A day later, Beria turned to the People’s Commissar of Communications of the USSR ( Narodnyj Komissar Putej Soobshcheniya SSSR) Łazar M. Kaganowicz with a request to provide wagons necessary to “fulfill an urgent operational task” within 10 days. They were supposed to transport about eight thousand people from the NKVD prisons of the Ukrainian SSR. The same trains were then supposed to transport about three thousand prisoners from the western districts of the Ukrainian SSR to the central districts and about three thousand prisoners from the western districts of the Byelorussian SSR to Minsk. This document indirectly shows that most of those convicted under the regulation of March 5, 1940 were executed in Minsk or its vicinity. Since we have no data on the fate of prisoners shot from the so-called According to the “Belarusian list”, there is a high probability that Kurapaty is their final resting place.
On April 4, 1940, under the order 1173/B, L. Beria ordered to detain all former soldiers of the Polish army suspected of counter-revolutionary activities: corporals, platoon leaders, sergeants, senior sergeants, warrant officers and cadets.
On April 5, 1940, in letter No. 1180/B, he sent two projects for approval by the RKL USSR: “Resolution of the RKL USSR on the expulsion from the western districts of the USSR and BSRS of the families of people in prisoner-of-war camps and prisons and refugees from central Poland who were not accepted by the authorities German” and “Order of resettlement of persons included in the decision of the RKL USSR of March 2, 1940 No. 285127”.

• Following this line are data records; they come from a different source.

(* Let $U$ be a coherent $P$-ultrafilter on $\mathbb{C}_\omega$ such that $a_i\notin U$ for all $i<\omega$. Then for every monotonic function $g\colon U\to\mathbb{C}_\omega$ there exist $x\in U$, a strictly increasing function $\varphi\colon\omega\to\omega$, and a monotonic function $g^*\colon C_\varphi\to\mathbb{C}_\omega$ represented by a basic map such that $g^*(c)=g(c)$ for every $c\in C_\varphi\cap U$ with $c\le x$.
   Context: $\mathbb{C}_\omega$ is the Cohen algebra, the unique atomless complete Boolean algebra with a countable dense subalgebra. Fix an enumeration $\{d_k:k<\omega\}$ of a countable dense subalgebra with $d_0=\mathbb{0}$, and fix an infinite maximal antichain $\{a_i:i<\omega\}$. For strictly increasing $\varphi\colon\omega\to\omega$, $C_\varphi$ is the set of $c\in\mathbb{C}_\omega$ for which there is a strictly increasing sequence $\langle m_j\rangle$ with $\{a_i\wedge c: i<\varphi(m_j)\}\subseteq\{d_k:k<\varphi(m_j)\}$ for all $j$. For $c\in\mathbb{C}_\omega$, $\ell<\omega$, $c^\ell=\bigvee\{a_i\wedge c:i<\ell\}\vee\bigvee\{a_i:i\ge\ell\}$. For $C\subseteq\mathbb{C}_\omega$, $f\colon C\to\mathbb{C}_\omega$ is represented by a basic map if there is $\hat f\colon\{c^\ell:c\in C,\ell<\omega\}\to\mathbb{C}_\omega$ with $f(c)=\bigwedge\{\hat f(c^\ell):\ell<\omega\}$ for all $c\in C$. A function $g$ between subsets of Boolean algebras is monotonic if $v_1\le v_2$ implies $g(v_1)\le g(v_2)$. An ultrafilter $U$ on a complete c.c.c. Boolean algebra is a coherent $P$-ultrafilter if for every maximal antichain $P$ and every family $\{X_n:n<\omega\}$ of subsets of $P$ with all $\bigvee X_n\in U$, there is $Y\subseteq P$ with $\bigvee Y\in U$ and $Y\setminus X_n$ finite for all $n$. *)

(* a Boolean algebra is a ctbDistrLatticeType
   (complemented distributive lattice with top and bottom). *)
From HB Require Import structures.
From mathcomp Require Import all_boot all_order.
From mathcomp Require Import boolp classical_sets cardinality.
Set Implicit Arguments. Unset Strict Implicit. Unset Printing Implicit Defensive.
Import Order.TTheory.
Local Open Scope classical_set_scope.
Local Open Scope order_scope.
(* Suppose there exists a positive integer $n$ such that $[n]$ admits no $3$-good partition, and let $n$ be the smallest such integer. Then $n\ge 845$, and $n$ belongs to the set $$N_o=\{n: n\equiv 2 \pmod 3\}\cap\{n : 3^t+1<n<(3^{t+1}+1)/2 \text{ for some integer } t\ge 4\}.$$
   Context: A partition of $[n]=\{1,\dots,n\}$ into nonempty parts is called $3$-good if every part has at most $3$ elements and the sum of the elements of every part is a power of $3$, i.e. equals $3^s$ for some integer $s\ge 0$ (so the singleton $\{1\}$ is allowed). The bound $n\ge 845$ rests on a computer verification that $[n]$ admits a $3$-good partition for all $n\le 844$. *)

From mathcomp Require Import all_boot.
Set Implicit Arguments. Unset Strict Implicit. Unset Printing Implicit Defensive.

(* [n] = {1,...,n} is represented as the subset of 'I_n.+1 of nonzero
   ordinals, so every element carries its actual numerical value. *)
Definition segment (n : nat) : {set 'I_n.+1} := [set i : 'I_n.+1 | 0 < i].

Definition three_good (n : nat) (P : {set {set 'I_n.+1}}) : Prop :=
  partition P (segment n) /\
  forall B, B \in P -> #|B| <= 3 /\ exists s : nat, \sum_(i in B) (i : nat) = 3 ^ s.

Definition has_three_good_partition (n : nat) : Prop :=
  exists P : {set {set 'I_n.+1}}, three_good P.

From mathcomp Require Import all_boot zify.
From Stdlib Require Import BinNat.

Set Implicit Arguments.
Unset Strict Implicit.
Unset Printing Implicit Defensive.

(* Let n be a minimal counterexample and 3^t <= n < 3^(t+1).  It suffices to split
   {m+1, ..., n} into good blocks for some m < n, as [m] is partitionable by minimality.
   If 2n > 3^(t+1), the pairs {k, 3^(t+1) - k} do this.  Otherwise n = 3^t + d with
   2d < 3^t: the pairs {k, 3^t - k} cover d < k < 3^t - d, and for d = 0, 1 (mod 3)
   explicit triples summing to 3^(t+1), together with {3^t} when 3 | d, cover
   [3^t - d, 3^t + d].  Hence d = 2 (mod 3), i.e. n lies in N_o, and for n <= 844 such
   a split is provided by a computer-found certificate that is checked by evaluation. *)

Definition good_block (p : seq nat) := 0 < size p <= 3 /\ exists s, sumn p = 3 ^ s.

Definition good_split (a c : nat) (L : seq (seq nat)) :=
  perm_eq (flatten L) (iota a c) /\ {in L, forall p, good_block p}.
Theorem theorem6 :
  (* c(-A) = c(A) *)
  (forall A : 'M[int]_2, \det A = 1 -> c (- A) = c A) /\
  (* A |-> c(A) mod 2 is a group homomorphism SL(2,Z) -> Z/2 ... *)
  (forall A B : 'M[int]_2, \det A = 1 -> \det B = 1 ->
     cmod2 (A *m B) = cmod2 A + cmod2 B) /\
  (* ... which is surjective ... *)
  (forall z : 'Z_2, exists A : 'M[int]_2, \det A = 1 /\ cmod2 A = z) /\
  (* ... and equals every surjective homomorphism SL(2,Z) -> Z/2 that
     factors through SL(2,Z)/{+-I} (uniqueness). *)
  (forall psi : 'M[int]_2 -> 'Z_2,
     (forall A B : 'M[int]_2, \det A = 1 -> \det B = 1 ->
        psi (A *m B) = psi A + psi B) ->
     (forall A : 'M[int]_2, \det A = 1 -> psi (- A) = psi A) ->
     (forall z : 'Z_2, exists A : 'M[int]_2, \det A = 1 /\ psi A = z) ->
     forall A : 'M[int]_2, \det A = 1 -> psi A = cmod2 A).
Proof.
split; first exact: c_oppmx.
split.
  move=> A B dA dB; have dAB : \det (A *m B) = 1 by rewrite det_mulmx dA dB mulr1.
  by rewrite !cmod2E // sign_mod2_mul // natr_addb.
split.
  move=> z; case: (Z2P z) => ->.
    by exists 1; rewrite det1 cmod2E ?det1 // sign_mod2_1.
  exists (shearU 1); rewrite det_shearU cmod2E ?det_shearU //.
  by case: (sign_mod2_shear (or_introl erefl)) => ->.
move=> psi psiM psiN psi_onto A dA.
have psiU : psi (shearU 1) = 1.
  have [B [dB]] := psi_onto 1; rewrite (hom_Z2_generated psiM psiN (generated_SL2 dB)).
  by case: (Z2P (psi (shearU 1))) => ->; rewrite ?mulr0.
by rewrite (hom_Z2_generated psiM psiN (generated_SL2 dA)) psiU mulr1 cmod2E.
Qed.
(* Let $H\subset S_n$ be a permutation group, let $A\trianglelefteq\mathbb{Z}_2^{*n}$ be an $H$-invariant normal subgroup, and let $\Gamma=\mathbb{Z}_2^{*n}/A$. Let $u$ be the fundamental representation of the quantum group $\mathbb{G}=\hat\Gamma\rtimes H$. Then for all $k,l\in\mathbb{N}_0$, $$\mathrm{Mor}(u^{\otimes k},u^{\otimes l})=\mathrm{span}\{\hat T^{\mathbf{a}\mathbf{b}}_H\mid[\mathbf{a},\mathbf{b}]\in W_H(k,l)\text{ such that }g_{\mathbf{a}\mathbf{b}^*}\in A\},$$ and the family $\{\hat T^{\mathbf{a}\mathbf{b}}_H\}_{[\mathbf{a},\mathbf{b}]\in W_H(k,l)}$ (one map per class) is linearly independent.
   Context: $\mathbb{Z}_2^{*n}$ is the group generated by $1,\dots,n$ subject to $i^2=e$; $S_n$ acts on it by permuting generators, and $A$ is $H$-invariant if $\sigma(A)=A$ for all $\sigma\in H$. For a tuple $\mathbf{a}=(a_1,\dots,a_k)$ over $\{1,\dots,n\}$, $\mathbf{a}^*$ is the reversed tuple, $\mathbf{a}\mathbf{b}^*$ denotes concatenation, and $g_{\mathbf{c}}=c_1c_2\cdots$ is the corresponding group element (so $g_{\mathbf{a}\mathbf{b}^*}=g_{\mathbf{a}}g_{\mathbf{b}}^{-1}$). Quantum groups: an orthogonal compact matrix quantum group is $(O(\mathbb{G}),u)$ with $O(\mathbb{G})$ a $*$-algebra generated by entries of $u\in M_n(O(\mathbb{G}))$, $u_{ij}=u_{ij}^*$, $uu^t=u^tu=1$, and $u_{ij}\mapsto\sum_k u_{ik}\otimes u_{kj}$ extending to a $*$-homomorphism; $\mathrm{Mor}(u^{\otimes k},u^{\otimes l})=\{T\colon(\mathbb{C}^n)^{\otimes k}\to(\mathbb{C}^n)^{\otimes l}\mid Tu^{\otimes k}=u^{\otimes l}T\}$. $H$ is the quantum group $(O(H),v)$ with $v_{ij}(\sigma)=\delta_{i\sigma(j)}$. With $\gamma_i\in\mathbb{C}\Gamma$ the image of the generator $i$, $\hat\Gamma\rtimes H$ is the quantum group $(\mathbb{C}\Gamma\otimes O(H),u)$ with $u_{ij}=\gamma_i\otimes v_{ij}$. $W_H(k,l)$ is the set of orbits $[\mathbf{a},\mathbf{b}]$ of pairs $(\mathbf{a},\mathbf{b})\in\{1,\dots,n\}^k\times\{1,\dots,n\}^l$ under the diagonal action of $H$. $\hat T^{\mathbf{a}\mathbf{b}}_H\colon(\mathbb{C}^n)^{\otimes k}\to(\mathbb{C}^n)^{\otimes l}$ is the linear map with entries $[\hat T^{\mathbf{a}\mathbf{b}}_H]_{\mathbf{j}\mathbf{i}}=\#\{\phi\in H\mid\phi(\mathbf{a})=\mathbf{i},\phi(\mathbf{b})=\mathbf{j}\}$ (coefficient of $e_{j_1}\otimes\cdots\otimes e_{j_l}$ in the image of $e_{i_1}\otimes\cdots\otimes e_{i_k}$); it depends only on $[\mathbf{a},\mathbf{b}]$, and the condition $g_{\mathbf{a}\mathbf{b}^*}\in A$ depends only on the class since $A$ is $H$-invariant. *)

From HB Require Import structures.
From mathcomp Require Import all_boot all_order all_algebra all_fingroup.
From mathcomp Require Import Rstruct complex.
Set Implicit Arguments. Unset Strict Implicit. Unset Printing Implicit Defensive.
Import Order.TTheory GRing.Theory Num.Theory.
Local Open Scope ring_scope.
(* Let $L\subseteq\Sigma^*$ be a regular language with syntactic ordered monoid $(M,\le)$, let $G\subseteq M$ be a generating set and $eval:G^*\to M$ the natural evaluation morphism. If one of the following holds, then $L\notin Pol(\mathcal{C}om)(\Sigma)$: (1) there exist $u,v,w_1,w_2\in G^*$ with $u=w_1w_2$, $v$ a shuffle of $w_1$ and $w_2$, $eval(u)$ idempotent and $eval(uvu)\not\le eval(u)$; (2) $M$ is divided by a non-commutative group; (3) $M$ is a $T_q$ monoid for some $q>1$. In particular, if $M$ is a $T_q$ monoid for some $q>1$ or is divided by one of $BA_2^+$, $U^+$ or a non-commutative group, then $L\notin Pol(\mathcal{C}om)(\Sigma)$.
   Context: Syntactic ordered monoid of $L\subseteq\Sigma^*$: write $x\preceq_L y$ if for all $u,v\in\Sigma^*$, $uyv\in L\Rightarrow uxv\in L$; the syntactic monoid $\Sigma^*/\equiv_L$ (with $x\equiv_L y$ iff $x\preceq_L y$ and $y\preceq_L x$) is ordered by $[x]\le[y]$ iff $x\preceq_L y$. $\mathcal{C}om(\Sigma)$ is the set of regular languages over $\Sigma$ whose syntactic monoid is commutative; $Pol(\mathcal{C}om)(\Sigma)$ is the set of finite unions of languages $L_0a_1L_1\cdots a_kL_k$ with $k\ge0$, $a_i\in\Sigma$, $L_i\in\mathcal{C}om(\Sigma)$. $v$ is a shuffle of $w_1,w_2$ if there are $k\ge0$ and words $w_{1,1},\dots,w_{1,k},w_{2,1},\dots,w_{2,k}$ (possibly empty) with $w_1=w_{1,1}\cdots w_{1,k}$, $w_2=w_{2,1}\cdots w_{2,k}$, $v=w_{1,1}w_{2,1}\cdots w_{1,k}w_{2,k}$. $M$ is a $T_q$ monoid if there exist idempotents $e,f\in M$ with $(ef)^qe=e$ and $(ef)^re\ne e$ for every positive integer $r$ not divisible by $q$. An ordered monoid $N$ divides $M$ if there is a surjective order-preserving monoid morphism from a submonoid of $M$ (restricted order) onto $N$; groups carry the equality order. $BA_2^+$ is the syntactic ordered monoid of $(ab)^*\subseteq\{a,b\}^*$; $U^+$ is the syntactic ordered monoid of the complement in $\{a,b\}^*$ of $(a\cup b)^*aa(a\cup b)^*$. *)

From HB Require Import structures.
From mathcomp Require Import all_boot all_fingroup.
From Stdlib Require List.

Set Implicit Arguments.
Unset Strict Implicit.
Unset Printing Implicit Defensive.

Definition lang (Sigma : Type) := seq Sigma -> Prop.

Definition regular (Sigma : finType) (L : lang Sigma) : Prop :=
  exists (Q : finType) (d : Q -> Sigma -> Q) (q0 : Q) (F : pred Q),
    forall w, L w <-> F (foldl d q0 w).

Definition synt_le (Sigma : Type) (L : lang Sigma) (x y : seq Sigma) : Prop :=
  forall u v : seq Sigma, L (u ++ y ++ v) -> L (u ++ x ++ v).

(* An ordered monoid presented as a carrier with a multiplication, a unit and
   a preorder; two elements denote the same monoid element iff eqv holds. *)
Record omon := OMon {
  ocar : Type;
  omul : ocar -> ocar -> ocar;
  oone : ocar;
  ole : ocar -> ocar -> Prop }.

Definition oeqv (M : omon) (x y : ocar M) : Prop := ole x y /\ ole y x.

(* The syntactic ordered monoid of L: words modulo ==_L, ordered by <=_L. *)
Definition synt_omon (Sigma : Type) (L : lang Sigma) : omon :=
  @OMon (seq Sigma) cat [::] (synt_le L).

Definition group_omon (gT : finGroupType) : omon :=
  @OMon gT (fun x y => (x * y)%g) 1%g (@eq gT).

Definition odivides (N M : omon) : Prop :=
  exists (S : ocar M -> Prop) (phi : ocar M -> ocar N),
    [/\ S (oone M),
        (forall x y, S x -> S y -> S (omul x y)),
        (forall x y, S x -> S y -> ole x y -> ole (phi x) (phi y)),
        oeqv (phi (oone M)) (oone N)
      & (forall x y, S x -> S y -> oeqv (phi (omul x y)) (omul (phi x) (phi y)))]
    /\ (forall n : ocar N, exists2 x, S x & oeqv (phi x) n).

Definition opow (M : omon) (x : ocar M) (n : nat) : ocar M :=
  iter n (omul x) (oone M).

Definition oidem (M : omon) (x : ocar M) : Prop := oeqv (omul x x) x.

Definition Tq_monoid (M : omon) (q : nat) : Prop :=
  exists e f : ocar M,
    [/\ oidem e, oidem f,
        oeqv (omul (opow (omul e f) q) e) e
      & forall r : nat, 0 < r -> ~~ (q %| r) ->
          ~ oeqv (omul (opow (omul e f) r) e) e].

Definition Com (Sigma : finType) (K : lang Sigma) : Prop :=
  regular K /\ forall x y : seq Sigma, oeqv (M := synt_omon K) (x ++ y) (y ++ x).

(* Marked product L0 a1 L1 ... ak Lk, given L0 and the list [(a1,L1);...]. *)
Fixpoint mprod (Sigma : Type) (L0 : lang Sigma) (s : seq (Sigma * lang Sigma))
  : lang Sigma :=
  match s with
  | [::] => L0
  | (a, L1) :: s' => fun w => exists w0 w',
       w = w0 ++ a :: w' /\ L0 w0 /\ mprod L1 s' w'
  end.

Definition PolCom (Sigma : finType) (L : lang Sigma) : Prop :=
  exists (n : nat) (L0 : 'I_n -> lang Sigma) (s : 'I_n -> seq (Sigma * lang Sigma)),
    (forall i, Com (L0 i) /\ List.Forall (fun p => Com p.2) (s i)) /\
    (forall w, L w <-> exists i, mprod (L0 i) (s i) w).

At the same time, the deportation trains returned from the north to the newly designated stations to pick up the next contingent of exiles. On April 10, 1940, the RKL USSR, by Resolution No. 497-177ss, approved a slightly changed and adapted instruction on the mode of resettlement of “people specified in the Resolution of the RKL USSR No. 289-127ss of March 2, 1940”, and set the next its beginning on the morning of April 13, 1940. The main change was the exclusion of refugees from deportation due to the unexplained issue of their return to the German side. A limit of people per one wagon was also set – 30, and the daily norm of bread was lowered from 800 to 600 grams per person.
Families of people staying in POW camps and prisons, former officers of the Polish army, policemen, prison workers, gendarmes, scouts, former landowners, factory owners, employees of the administrative apparatus, participants of counter-revolutionary insurgent organizations and refugees from the territory of “former Poland” were qualified for resettlement. who expressed their desire to return to the German occupation zone, but were not accepted. The occupied territories also had to be cleared of prostitutes. Families of officers and policemen were excluded from the deportation. On the basis of the request of the 5th intelligence department of the USSR GUGB, they were left alive and transferred to the camp in Juchnów, and then in Gryazowiec. The order further specified the place where the exiles were to be sent and the means by which this should be done.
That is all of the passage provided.